*Action item*
The answer must be every line of the records below that contains the word "exact".

Data for this task Block Start

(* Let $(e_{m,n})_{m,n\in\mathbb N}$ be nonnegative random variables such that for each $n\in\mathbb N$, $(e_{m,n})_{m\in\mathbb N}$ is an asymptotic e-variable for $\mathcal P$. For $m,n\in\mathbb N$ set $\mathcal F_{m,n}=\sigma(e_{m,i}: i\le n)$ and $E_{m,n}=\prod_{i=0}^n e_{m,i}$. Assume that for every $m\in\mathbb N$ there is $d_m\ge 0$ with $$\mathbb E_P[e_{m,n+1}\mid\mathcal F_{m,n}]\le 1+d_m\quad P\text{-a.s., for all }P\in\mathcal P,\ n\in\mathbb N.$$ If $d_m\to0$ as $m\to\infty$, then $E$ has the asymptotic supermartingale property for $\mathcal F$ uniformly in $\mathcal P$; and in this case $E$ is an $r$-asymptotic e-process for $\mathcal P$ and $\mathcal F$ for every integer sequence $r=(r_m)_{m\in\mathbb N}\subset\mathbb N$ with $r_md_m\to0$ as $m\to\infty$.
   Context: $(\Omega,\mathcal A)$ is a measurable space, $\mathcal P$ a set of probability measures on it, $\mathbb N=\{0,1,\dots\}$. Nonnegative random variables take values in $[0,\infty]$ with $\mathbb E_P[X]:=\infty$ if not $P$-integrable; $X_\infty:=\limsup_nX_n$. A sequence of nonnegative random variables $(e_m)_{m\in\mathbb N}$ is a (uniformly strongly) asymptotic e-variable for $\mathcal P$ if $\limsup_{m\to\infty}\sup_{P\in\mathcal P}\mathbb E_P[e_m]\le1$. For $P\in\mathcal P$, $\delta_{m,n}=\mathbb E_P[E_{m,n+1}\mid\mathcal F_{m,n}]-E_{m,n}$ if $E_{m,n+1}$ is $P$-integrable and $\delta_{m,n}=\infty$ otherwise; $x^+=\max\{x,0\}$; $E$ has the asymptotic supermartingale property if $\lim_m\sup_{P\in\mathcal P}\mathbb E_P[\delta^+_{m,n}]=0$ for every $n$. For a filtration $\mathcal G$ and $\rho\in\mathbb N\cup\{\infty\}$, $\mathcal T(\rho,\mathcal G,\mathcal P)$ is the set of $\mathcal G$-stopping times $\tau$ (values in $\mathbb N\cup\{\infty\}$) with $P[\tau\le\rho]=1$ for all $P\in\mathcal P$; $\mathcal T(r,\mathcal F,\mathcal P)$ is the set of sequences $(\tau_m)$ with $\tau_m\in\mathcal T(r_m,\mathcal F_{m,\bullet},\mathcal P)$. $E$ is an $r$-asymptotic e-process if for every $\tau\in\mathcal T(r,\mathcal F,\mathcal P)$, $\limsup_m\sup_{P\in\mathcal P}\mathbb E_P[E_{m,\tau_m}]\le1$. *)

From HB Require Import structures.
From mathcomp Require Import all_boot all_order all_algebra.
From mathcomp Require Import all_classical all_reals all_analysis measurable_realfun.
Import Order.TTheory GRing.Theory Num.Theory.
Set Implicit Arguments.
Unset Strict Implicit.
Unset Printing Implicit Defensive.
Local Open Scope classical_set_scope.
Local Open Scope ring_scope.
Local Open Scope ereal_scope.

Data for this task Block End
Data for this task Block Start

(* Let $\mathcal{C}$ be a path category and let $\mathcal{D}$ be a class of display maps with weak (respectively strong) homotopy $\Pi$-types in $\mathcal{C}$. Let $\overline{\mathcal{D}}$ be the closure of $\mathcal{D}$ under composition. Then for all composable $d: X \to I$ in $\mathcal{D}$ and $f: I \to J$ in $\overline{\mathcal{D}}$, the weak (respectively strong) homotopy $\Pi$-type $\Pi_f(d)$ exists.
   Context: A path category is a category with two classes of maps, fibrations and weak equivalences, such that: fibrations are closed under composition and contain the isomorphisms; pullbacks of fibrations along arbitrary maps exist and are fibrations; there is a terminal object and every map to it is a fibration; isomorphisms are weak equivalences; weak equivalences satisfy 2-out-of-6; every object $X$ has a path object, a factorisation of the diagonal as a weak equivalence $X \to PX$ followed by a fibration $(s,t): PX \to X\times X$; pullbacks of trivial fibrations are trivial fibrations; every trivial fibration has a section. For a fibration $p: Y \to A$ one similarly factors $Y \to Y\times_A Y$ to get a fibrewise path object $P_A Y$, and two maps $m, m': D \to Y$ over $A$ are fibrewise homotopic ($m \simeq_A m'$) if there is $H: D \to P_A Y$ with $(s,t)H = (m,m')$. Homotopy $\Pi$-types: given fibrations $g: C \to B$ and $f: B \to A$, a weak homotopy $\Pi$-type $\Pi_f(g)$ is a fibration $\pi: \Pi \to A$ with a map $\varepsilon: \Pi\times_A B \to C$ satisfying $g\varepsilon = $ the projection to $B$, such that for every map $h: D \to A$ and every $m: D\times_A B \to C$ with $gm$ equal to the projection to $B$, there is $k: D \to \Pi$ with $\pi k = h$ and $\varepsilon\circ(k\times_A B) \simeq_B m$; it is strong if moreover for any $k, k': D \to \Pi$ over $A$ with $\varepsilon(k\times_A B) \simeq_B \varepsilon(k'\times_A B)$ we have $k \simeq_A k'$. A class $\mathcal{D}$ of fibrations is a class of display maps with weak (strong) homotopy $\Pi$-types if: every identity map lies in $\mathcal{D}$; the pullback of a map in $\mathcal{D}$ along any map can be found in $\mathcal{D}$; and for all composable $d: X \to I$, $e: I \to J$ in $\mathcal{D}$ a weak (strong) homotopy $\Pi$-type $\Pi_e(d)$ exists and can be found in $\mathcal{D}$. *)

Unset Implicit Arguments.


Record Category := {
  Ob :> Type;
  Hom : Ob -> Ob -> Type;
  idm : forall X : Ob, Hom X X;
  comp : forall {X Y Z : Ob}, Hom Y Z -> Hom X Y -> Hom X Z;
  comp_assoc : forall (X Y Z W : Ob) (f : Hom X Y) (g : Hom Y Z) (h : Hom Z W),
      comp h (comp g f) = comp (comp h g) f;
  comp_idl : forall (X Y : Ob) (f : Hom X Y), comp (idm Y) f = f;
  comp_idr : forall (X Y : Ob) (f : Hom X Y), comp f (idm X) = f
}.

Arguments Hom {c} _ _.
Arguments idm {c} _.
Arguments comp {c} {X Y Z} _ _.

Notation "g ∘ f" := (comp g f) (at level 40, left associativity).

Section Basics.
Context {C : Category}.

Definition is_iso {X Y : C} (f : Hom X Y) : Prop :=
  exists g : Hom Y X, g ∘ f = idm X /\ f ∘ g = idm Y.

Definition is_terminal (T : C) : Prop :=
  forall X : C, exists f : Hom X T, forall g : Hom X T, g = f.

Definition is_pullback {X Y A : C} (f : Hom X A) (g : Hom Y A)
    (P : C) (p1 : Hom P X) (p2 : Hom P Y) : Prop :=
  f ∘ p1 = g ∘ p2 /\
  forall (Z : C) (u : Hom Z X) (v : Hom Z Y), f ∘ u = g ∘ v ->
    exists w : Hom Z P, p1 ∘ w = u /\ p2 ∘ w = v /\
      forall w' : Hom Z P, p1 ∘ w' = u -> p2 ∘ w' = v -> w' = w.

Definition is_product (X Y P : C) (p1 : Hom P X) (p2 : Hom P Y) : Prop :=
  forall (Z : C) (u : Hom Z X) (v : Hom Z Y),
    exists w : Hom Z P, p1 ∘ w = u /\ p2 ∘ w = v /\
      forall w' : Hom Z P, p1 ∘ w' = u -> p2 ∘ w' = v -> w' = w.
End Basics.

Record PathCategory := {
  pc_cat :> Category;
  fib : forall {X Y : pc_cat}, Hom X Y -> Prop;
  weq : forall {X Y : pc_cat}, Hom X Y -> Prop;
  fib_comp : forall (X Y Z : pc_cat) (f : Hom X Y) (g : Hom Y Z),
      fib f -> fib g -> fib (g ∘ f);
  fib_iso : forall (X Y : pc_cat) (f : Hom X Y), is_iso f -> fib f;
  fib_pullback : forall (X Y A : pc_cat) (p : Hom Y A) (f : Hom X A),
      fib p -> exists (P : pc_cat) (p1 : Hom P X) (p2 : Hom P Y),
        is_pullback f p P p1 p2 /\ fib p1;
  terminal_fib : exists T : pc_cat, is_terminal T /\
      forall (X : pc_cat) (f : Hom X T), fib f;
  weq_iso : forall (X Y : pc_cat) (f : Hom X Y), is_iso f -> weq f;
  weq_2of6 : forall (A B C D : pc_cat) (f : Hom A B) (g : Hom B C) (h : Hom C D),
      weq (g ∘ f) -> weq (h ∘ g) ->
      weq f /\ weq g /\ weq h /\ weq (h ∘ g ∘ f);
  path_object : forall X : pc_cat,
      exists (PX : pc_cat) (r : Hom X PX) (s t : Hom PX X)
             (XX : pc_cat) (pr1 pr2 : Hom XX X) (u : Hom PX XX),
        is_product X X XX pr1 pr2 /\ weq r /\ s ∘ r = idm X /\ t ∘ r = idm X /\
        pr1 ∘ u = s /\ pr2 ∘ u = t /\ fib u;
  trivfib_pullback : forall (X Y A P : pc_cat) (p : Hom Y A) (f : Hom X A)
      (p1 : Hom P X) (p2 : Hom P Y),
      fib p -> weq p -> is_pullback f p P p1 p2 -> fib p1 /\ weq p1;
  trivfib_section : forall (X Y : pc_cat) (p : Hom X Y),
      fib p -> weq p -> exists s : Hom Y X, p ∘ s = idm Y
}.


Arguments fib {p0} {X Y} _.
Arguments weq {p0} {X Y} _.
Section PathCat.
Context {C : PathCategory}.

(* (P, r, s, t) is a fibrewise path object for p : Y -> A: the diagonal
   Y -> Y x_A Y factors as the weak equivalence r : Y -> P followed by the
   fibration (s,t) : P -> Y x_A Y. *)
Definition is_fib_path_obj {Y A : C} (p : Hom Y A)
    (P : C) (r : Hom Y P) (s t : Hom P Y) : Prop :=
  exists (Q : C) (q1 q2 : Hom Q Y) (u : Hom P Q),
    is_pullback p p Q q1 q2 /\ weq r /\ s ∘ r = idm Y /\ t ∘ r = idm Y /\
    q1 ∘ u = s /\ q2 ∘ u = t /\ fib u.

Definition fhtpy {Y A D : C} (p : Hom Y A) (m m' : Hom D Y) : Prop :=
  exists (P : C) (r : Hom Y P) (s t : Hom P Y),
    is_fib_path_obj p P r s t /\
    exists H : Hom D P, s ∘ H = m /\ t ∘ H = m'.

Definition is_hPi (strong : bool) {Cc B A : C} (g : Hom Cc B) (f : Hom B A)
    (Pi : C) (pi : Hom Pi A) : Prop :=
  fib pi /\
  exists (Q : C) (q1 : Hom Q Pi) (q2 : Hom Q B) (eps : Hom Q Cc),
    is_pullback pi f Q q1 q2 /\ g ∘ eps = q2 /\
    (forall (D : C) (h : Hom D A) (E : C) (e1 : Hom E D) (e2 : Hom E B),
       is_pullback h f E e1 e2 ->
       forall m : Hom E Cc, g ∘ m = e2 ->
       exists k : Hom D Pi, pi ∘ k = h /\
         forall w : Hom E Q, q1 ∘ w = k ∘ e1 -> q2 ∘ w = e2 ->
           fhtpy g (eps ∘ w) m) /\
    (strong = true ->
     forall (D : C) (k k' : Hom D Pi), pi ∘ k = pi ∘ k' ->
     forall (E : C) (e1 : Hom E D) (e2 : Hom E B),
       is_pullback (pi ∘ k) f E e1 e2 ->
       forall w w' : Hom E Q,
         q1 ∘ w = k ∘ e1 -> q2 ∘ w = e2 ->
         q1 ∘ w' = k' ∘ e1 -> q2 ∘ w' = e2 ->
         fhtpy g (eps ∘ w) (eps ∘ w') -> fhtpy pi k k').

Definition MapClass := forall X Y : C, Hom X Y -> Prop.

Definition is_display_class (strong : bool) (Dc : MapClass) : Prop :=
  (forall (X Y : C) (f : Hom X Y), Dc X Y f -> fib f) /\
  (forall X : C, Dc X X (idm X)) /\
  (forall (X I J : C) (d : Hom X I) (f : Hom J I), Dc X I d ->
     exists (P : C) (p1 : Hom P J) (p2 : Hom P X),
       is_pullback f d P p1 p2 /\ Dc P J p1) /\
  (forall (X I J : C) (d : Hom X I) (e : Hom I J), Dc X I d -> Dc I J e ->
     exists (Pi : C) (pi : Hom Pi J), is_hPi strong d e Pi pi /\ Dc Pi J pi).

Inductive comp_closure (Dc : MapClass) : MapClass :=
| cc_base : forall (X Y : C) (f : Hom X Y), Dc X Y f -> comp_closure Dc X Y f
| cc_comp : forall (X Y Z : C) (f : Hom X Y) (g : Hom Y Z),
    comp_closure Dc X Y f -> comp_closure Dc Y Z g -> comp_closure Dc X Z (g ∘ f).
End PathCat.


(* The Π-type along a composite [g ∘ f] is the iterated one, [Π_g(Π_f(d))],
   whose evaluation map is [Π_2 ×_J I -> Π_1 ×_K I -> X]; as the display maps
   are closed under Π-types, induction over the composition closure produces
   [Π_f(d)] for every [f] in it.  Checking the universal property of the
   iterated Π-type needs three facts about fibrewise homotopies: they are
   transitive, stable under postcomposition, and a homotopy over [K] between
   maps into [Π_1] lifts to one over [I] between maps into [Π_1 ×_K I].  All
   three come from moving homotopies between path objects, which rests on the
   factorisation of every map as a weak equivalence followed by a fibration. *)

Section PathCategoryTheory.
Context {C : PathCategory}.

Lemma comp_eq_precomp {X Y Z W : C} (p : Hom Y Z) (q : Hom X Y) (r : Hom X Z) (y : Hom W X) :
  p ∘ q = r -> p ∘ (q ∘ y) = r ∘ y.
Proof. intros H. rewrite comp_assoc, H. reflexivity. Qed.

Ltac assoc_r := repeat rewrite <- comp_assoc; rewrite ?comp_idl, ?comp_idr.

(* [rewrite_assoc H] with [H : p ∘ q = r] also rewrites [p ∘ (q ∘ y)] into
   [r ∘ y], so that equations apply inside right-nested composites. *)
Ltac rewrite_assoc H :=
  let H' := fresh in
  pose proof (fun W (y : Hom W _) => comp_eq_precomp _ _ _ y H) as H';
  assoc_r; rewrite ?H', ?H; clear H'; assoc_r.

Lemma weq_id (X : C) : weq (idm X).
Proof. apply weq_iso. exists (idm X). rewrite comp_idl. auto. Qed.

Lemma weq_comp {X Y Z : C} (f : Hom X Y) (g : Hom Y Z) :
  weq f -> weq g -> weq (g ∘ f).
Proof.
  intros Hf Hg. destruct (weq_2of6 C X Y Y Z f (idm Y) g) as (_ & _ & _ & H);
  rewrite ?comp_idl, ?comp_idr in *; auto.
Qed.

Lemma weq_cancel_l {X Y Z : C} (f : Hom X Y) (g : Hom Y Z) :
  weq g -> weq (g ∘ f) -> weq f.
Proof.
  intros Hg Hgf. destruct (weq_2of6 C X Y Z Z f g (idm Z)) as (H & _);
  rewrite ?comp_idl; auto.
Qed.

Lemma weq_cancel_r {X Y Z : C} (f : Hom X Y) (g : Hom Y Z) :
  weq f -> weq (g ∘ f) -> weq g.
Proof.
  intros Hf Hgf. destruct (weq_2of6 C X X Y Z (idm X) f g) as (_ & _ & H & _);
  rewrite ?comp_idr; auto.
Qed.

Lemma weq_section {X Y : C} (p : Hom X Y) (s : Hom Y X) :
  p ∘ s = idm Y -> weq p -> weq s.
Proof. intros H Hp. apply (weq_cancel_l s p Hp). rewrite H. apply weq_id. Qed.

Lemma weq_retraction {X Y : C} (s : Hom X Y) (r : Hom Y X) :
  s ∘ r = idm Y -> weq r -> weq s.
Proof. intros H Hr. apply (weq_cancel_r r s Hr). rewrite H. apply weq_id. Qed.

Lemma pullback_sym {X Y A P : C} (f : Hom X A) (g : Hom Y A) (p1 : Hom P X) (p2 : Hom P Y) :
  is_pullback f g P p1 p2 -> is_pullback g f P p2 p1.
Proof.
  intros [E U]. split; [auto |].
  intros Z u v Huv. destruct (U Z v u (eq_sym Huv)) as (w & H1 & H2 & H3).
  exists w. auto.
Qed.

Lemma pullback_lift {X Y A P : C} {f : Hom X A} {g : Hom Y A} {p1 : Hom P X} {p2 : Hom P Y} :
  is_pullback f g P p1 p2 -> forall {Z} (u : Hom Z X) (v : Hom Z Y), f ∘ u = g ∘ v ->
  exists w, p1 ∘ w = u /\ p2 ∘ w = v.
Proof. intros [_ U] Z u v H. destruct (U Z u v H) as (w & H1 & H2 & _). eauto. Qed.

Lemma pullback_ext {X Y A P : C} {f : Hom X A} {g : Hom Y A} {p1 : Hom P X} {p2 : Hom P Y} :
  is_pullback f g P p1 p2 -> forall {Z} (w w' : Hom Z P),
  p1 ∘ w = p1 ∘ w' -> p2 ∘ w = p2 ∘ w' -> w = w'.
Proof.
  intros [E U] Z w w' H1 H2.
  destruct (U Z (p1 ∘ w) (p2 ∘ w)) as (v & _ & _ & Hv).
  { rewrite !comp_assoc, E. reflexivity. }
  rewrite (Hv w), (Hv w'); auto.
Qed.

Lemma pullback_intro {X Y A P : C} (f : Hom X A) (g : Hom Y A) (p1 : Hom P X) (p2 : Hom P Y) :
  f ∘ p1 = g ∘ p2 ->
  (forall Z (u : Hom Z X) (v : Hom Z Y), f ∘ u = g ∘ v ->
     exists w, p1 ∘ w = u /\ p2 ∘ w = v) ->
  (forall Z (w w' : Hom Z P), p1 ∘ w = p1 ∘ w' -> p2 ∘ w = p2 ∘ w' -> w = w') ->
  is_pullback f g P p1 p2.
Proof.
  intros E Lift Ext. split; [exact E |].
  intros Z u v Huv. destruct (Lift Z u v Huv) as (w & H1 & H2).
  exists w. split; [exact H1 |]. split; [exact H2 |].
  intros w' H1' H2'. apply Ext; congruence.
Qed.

Data for this task Block End

*The answer*
  intros E Lift Ext. split; [exact E |].
  exists w. split; [exact H1 |]. split; [exact H2 |].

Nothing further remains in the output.